__Assigned task__
The answer must be an exact copy of the lines from the one holding "let ta := tau r ts in" through the final line of the entries, and nothing else.

__Recorded information__
──────

Lemma sum_bier_pair_poly_faces :
  \sum_(p | bier_face D p) bier_pair_poly p =
  \sum_(B in D) 'X^#|B| - \sum_(C in D) 'X^(n - #|C|).
Proof.
set P := fun p : {set 'I_n} * {set 'I_n} => (p.1 \in D) && (p.1 \subset p.2).
have sum_low : \sum_(B in D) 'X^#|B| = \sum_(p | P p) bier_pair_poly p.
  rewrite -(pair_big_dep (mem D) (fun B C : {set 'I_n} => B \subset C)
                         (fun B C => bier_pair_poly (B, C))).
  by apply: eq_bigr => B _; rewrite sum_bier_pair_poly_supsets.
have sum_high : \sum_(C in D) 'X^(n - #|C|) =
    \sum_(p | P p && (p.2 \in D)) bier_pair_poly p.
  rewrite (eq_bigr (fun C : {set 'I_n} =>
             \sum_(B : {set 'I_n} | B \subset C) bier_pair_poly (B, C)));
    last by move=> C _; rewrite sum_bier_pair_poly_subsets.
  rewrite (exchange_big_dep xpredT) //=.
  rewrite (pair_big_dep xpredT (fun B C : {set 'I_n} => (C \in D) && (B \subset C))
                        (fun B C => bier_pair_poly (B, C))) /=.
  apply: eq_bigl => -[B C]; rewrite /P /=.
  case CD: (C \in D); case BC: (B \subset C); rewrite ?andbF ?andbT //=.
  by rewrite (D_closed BC CD).
rewrite sum_low sum_high (bigID (fun p => p.2 \in D) P) /= addrC addrK.
apply: eq_bigl => -[B C]; rewrite /P /bier_face /= properEneq.
case BD: (B \in D); case CD: (C \in D); rewrite ?andbF ?andbT //=.
by case: eqVneq => // eq_BC; rewrite eq_BC CD in BD.
Qed.

Lemma bier_gE i : (i <= n.-1)%N ->
  bier_g D i = #|[set B in D | #|B| == i]|%:Z - #|[set C in D | (n - #|C| == i)%N]|%:Z.
Proof.
move=> le_in; rewrite bier_g_coef // sum_bier_pair_poly_faces coefB.
by rewrite (coef_sum_Xn _ _ (fun B : {set 'I_n} => #|B|))
   (coef_sum_Xn _ _ (fun C : {set 'I_n} => n - #|C|)%N) !natz.
Qed.
(* Let $0<r<\infty$, $N\in\mathbb N$, and for each of the seven types $R_N=A_N,B_N,B_N^\vee,C_N,C_N^\vee,BC_N,D_N$ consider the determinantal point process whose correlation kernel at time $t\in(0,t_\ast)$ is $K_t^{R_N}(x,y;t_\ast,r)=\sum_{n=1}^N \frac{1}{m^{R_N}_n(t_\ast)}M^{R_N}_n(x,t)\overline{M^{R_N}_n(y,t_\ast-t)}$ (on $[0,2\pi r)$ for $A_N$, on $[0,\pi r]$ otherwise). Put $t=t_\ast/2$. In the limit $t_\ast\to\infty$, these seven determinantal point processes degenerate into four types of determinantal point processes, with correlation kernels $K^{A_N}(x,y;r)=\frac{1}{2\pi r}\frac{\sin\{N(x-y)/2r\}}{\sin\{(x-y)/2r\}}$, $x,y\in[0,2\pi r)$ (limit for $A_N$); $K^{B_N}(x,y;r)=\frac{1}{2\pi r}\Big[\frac{\sin\{N(x-y)/r\}}{\sin\{(x-y)/2r\}}-\frac{\sin\{N(x+y)/r\}}{\sin\{(x+y)/2r\}}\Big]$, $x,y\in[0,\pi r]$ (common limit for $B_N$, $BC_N$, $C_N^\vee$); $K^{C_N}(x,y;r)=\frac{1}{2\pi r}\Big[\frac{\sin\{(2N+1)(x-y)/2r\}}{\sin\{(x-y)/2r\}}-\frac{\sin\{(2N+1)(x+y)/2r\}}{\sin\{(x+y)/2r\}}\Big]$, $x,y\in[0,\pi r]$ (common limit for $C_N$, $B_N^\vee$); $K^{D_N}(x,y;r)=\frac{1}{2\pi r}\Big[\frac{\sin\{(2N-1)(x-y)/2r\}}{\sin\{(x-y)/2r\}}+\frac{\sin\{(2N-1)(x+y)/2r\}}{\sin\{(x+y)/2r\}}\Big]$, $x,y\in[0,\pi r]$ (limit for $D_N$).
   Context: Jacobi theta functions: $\vartheta_1(v;\tau)=2\sum_{n\ge1}(-1)^{n-1}e^{\tau\pi i(n-1/2)^2}\sin\{(2n-1)\pi v\}$, $\vartheta_2(v;\tau)=2\sum_{n\ge1}e^{\tau\pi i(n-1/2)^2}\cos\{(2n-1)\pi v\}$, $\Im\tau>0$. Set $\xi(x)=x/(2\pi r)$, $\tau(t)=it/(2\pi r^2)$. Let $J^{R_N}(j)=j-1/2$ for $A_N,C_N^\vee$; $j-1$ for $B_N,B_N^\vee,D_N$; $j$ for $C_N,BC_N$. Let $\mathcal N^{R_N}=N$ ($A_N$), $2N-1$ ($B_N$), $2N$ ($B_N^\vee,C_N^\vee$), $2(N+1)$ ($C_N$), $2N+1$ ($BC_N$), $2(N-1)$ ($D_N$). Writing $J=J^{R_N}(j)$, $\mathcal N=\mathcal N^{R_N}$: $M^{A_N}_j(x,t)=e^{2\pi iJ\xi(x)}\vartheta_2(\mathcal N\{J\tau(t)+\xi(x)\};\mathcal N^2\tau(t))$; for $B_N,B_N^\vee$: $M_j=e^{2\pi iJ\xi(x)}\vartheta_1(\mathcal N\{J\tau(t)+\xi(x)\};\mathcal N^2\tau(t))-e^{-2\pi iJ\xi(x)}\vartheta_1(\mathcal N\{J\tau(t)-\xi(x)\};\mathcal N^2\tau(t))$; for $C_N,C_N^\vee,BC_N$: same with $\vartheta_2$ in place of $\vartheta_1$; for $D_N$: same with $\vartheta_2$ and a plus sign between the two terms. The constants are $m_j^{R_N}(t_\ast)=2\pi r\,\vartheta_2(\mathcal N J\tau(t_\ast);\mathcal N^2\tau(t_\ast))$ for $A_N,C_N,C_N^\vee,BC_N$; for $B_N,B_N^\vee$ the same except $m_1=4\pi r\,\vartheta_2(0;\mathcal N^2\tau(t_\ast))$; for $D_N$ the same except $m_1=4\pi r\,\vartheta_2(0;\mathcal N^2\tau(t_\ast))$ and $m_N=4\pi r\,\vartheta_2(\mathcal N(N-1)\tau(t_\ast);\mathcal N^2\tau(t_\ast))$. The point process has density on the Weyl alcove proportional to $\det_{j,k}[\overline{M_j^{R_N}(x_k,t_\ast-t)}]\det_{j,k}[M_j^{R_N}(x_k,t)]$, and is determinantal with the kernel $K_t^{R_N}$ stated in the claim. *)

From Stdlib Require Import Reals List.
From Coquelicot Require Import Coquelicot.
Import ListNotations.
Open Scope R_scope.

Definition Cexp (z : C) : C :=
  (exp (Re z) * cos (Im z), exp (Re z) * sin (Im z)).
Definition Ccos (z : C) : C :=
  Cdiv (Cplus (Cexp (Cmult Ci z)) (Cexp (Copp (Cmult Ci z)))) (RtoC 2).
Definition Csin (z : C) : C :=
  Cdiv (Cminus (Cexp (Cmult Ci z)) (Cexp (Copp (Cmult Ci z)))) (Cmult (RtoC 2) Ci).

Definition CSeries (a : nat -> C) : C :=
  (Series (fun k => Re (a k)), Series (fun k => Im (a k))).

Definition Csum1 (N : nat) (f : nat -> C) : C :=
  fold_right Cplus (RtoC 0) (map f (seq 1 N)).

(* ---------- Jacobi theta functions (series index n = k+1 >= 1) ---------- *)
Definition theta1 (v tau : C) : C :=
  Cmult (RtoC 2) (CSeries (fun k =>
    Cmult (RtoC ((-1) ^ k))
     (Cmult (Cexp (Cmult (Cmult tau (Cmult (RtoC PI) Ci)) (RtoC ((INR k + /2) ^ 2))))
            (Csin (Cmult (RtoC ((2 * INR k + 1) * PI)) v))))).
Definition theta2 (v tau : C) : C :=
  Cmult (RtoC 2) (CSeries (fun k =>
     Cmult (Cexp (Cmult (Cmult tau (Cmult (RtoC PI) Ci)) (RtoC ((INR k + /2) ^ 2))))
           (Ccos (Cmult (RtoC ((2 * INR k + 1) * PI)) v)))).

Inductive RootSys : Set := A_N | B_N | Bv_N | C_N | Cv_N | BC_N | D_N.

Definition xi (r x : R) : R := x / (2 * PI * r).
Definition tau (r t : R) : C := (0, t / (2 * PI * r ^ 2)).

Definition Jidx (RN : RootSys) (j : nat) : R :=
  match RN with
  | A_N | Cv_N => INR j - /2
  | B_N | Bv_N | D_N => INR j - 1
  | C_N | BC_N => INR j
  end.

Definition calN (RN : RootSys) (N : nat) : R :=
  match RN with
  | A_N => INR N
  | B_N => 2 * INR N - 1
  | Bv_N | Cv_N => 2 * INR N
  | C_N => 2 * (INR N + 1)
  | BC_N => 2 * INR N + 1
  | D_N => 2 * (INR N - 1)
  end.

Definition e2pii (a : R) : C := Cexp (0, 2 * PI * a).

Definition Mfun (RN : RootSys) (N : nat) (r : R) (j : nat) (x t : R) : C :=
  let J := Jidx RN j in
  let cN := calN RN N in
  let ta := tau r t in
  let s := xi r x in
  let tau' := Cmult (RtoC (cN ^ 2)) ta in
  let argp := Cmult (RtoC cN) (Cplus (Cmult (RtoC J) ta) (RtoC s)) in
  let argm := Cmult (RtoC cN) (Cminus (Cmult (RtoC J) ta) (RtoC s)) in
  match RN with
  | A_N => Cmult (e2pii (J * s)) (theta2 argp tau')
  | B_N | Bv_N =>
      Cminus (Cmult (e2pii (J * s)) (theta1 argp tau'))
             (Cmult (e2pii (- (J * s))) (theta1 argm tau'))
  | C_N | Cv_N | BC_N =>
      Cminus (Cmult (e2pii (J * s)) (theta2 argp tau'))
             (Cmult (e2pii (- (J * s))) (theta2 argm tau'))
  | D_N =>
      Cplus (Cmult (e2pii (J * s)) (theta2 argp tau'))
            (Cmult (e2pii (- (J * s))) (theta2 argm tau'))
  end.

Definition mconst (RN : RootSys) (N : nat) (r : R) (j : nat) (ts : R) : C :=
  let J := Jidx RN j in
  let cN := calN RN N in
  let ta := tau r ts in
  let tau' := Cmult (RtoC (cN ^ 2)) ta in
  let generic := Cmult (RtoC (2 * PI * r)) (theta2 (Cmult (RtoC (cN * J)) ta) tau') in
  let special1 := Cmult (RtoC (4 * PI * r)) (theta2 (RtoC 0) tau') in
  match RN with
  | A_N | C_N | Cv_N | BC_N => generic
  | B_N | Bv_N => if Nat.eqb j 1 then special1 else generic
  | D_N =>
      if Nat.eqb j 1 then special1
      else if Nat.eqb j N then
        Cmult (RtoC (4 * PI * r))
              (theta2 (Cmult (RtoC (cN * (INR N - 1))) ta) tau')
      else generic
  end.

Definition Kt (RN : RootSys) (N : nat) (r ts t x y : R) : C :=
  Csum1 N (fun n =>
    Cmult (Cinv (mconst RN N r n ts))
          (Cmult (Mfun RN N r n x t) (Cconj (Mfun RN N r n y (ts - t))))).

(* sin(m th)/sin(th), extended by continuity at the zeros of sin th
   (where the value is m cos(m th)/cos(th)). *)
Definition sinratio (m th : R) : R :=
  if Req_EM_T (sin th) 0 then m * cos (m * th) / cos th
  else sin (m * th) / sin th.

──────

__Expected answer__
  let ta := tau r ts in
  let tau' := Cmult (RtoC (cN ^ 2)) ta in
  let generic := Cmult (RtoC (2 * PI * r)) (theta2 (Cmult (RtoC (cN * J)) ta) tau') in
  let special1 := Cmult (RtoC (4 * PI * r)) (theta2 (RtoC 0) tau') in
  match RN with
  | A_N | C_N | Cv_N | BC_N => generic
  | B_N | Bv_N => if Nat.eqb j 1 then special1 else generic
  | D_N =>
      if Nat.eqb j 1 then special1
      else if Nat.eqb j N then
        Cmult (RtoC (4 * PI * r))
              (theta2 (Cmult (RtoC (cN * (INR N - 1))) ta) tau')
      else generic
  end.

Definition Kt (RN : RootSys) (N : nat) (r ts t x y : R) : C :=
  Csum1 N (fun n =>
    Cmult (Cinv (mconst RN N r n ts))
          (Cmult (Mfun RN N r n x t) (Cconj (Mfun RN N r n y (ts - t))))).

(* sin(m th)/sin(th), extended by continuity at the zeros of sin th
   (where the value is m cos(m th)/cos(th)). *)
Definition sinratio (m th : R) : R :=
  if Req_EM_T (sin th) 0 then m * cos (m * th) / cos th
  else sin (m * th) / sin th.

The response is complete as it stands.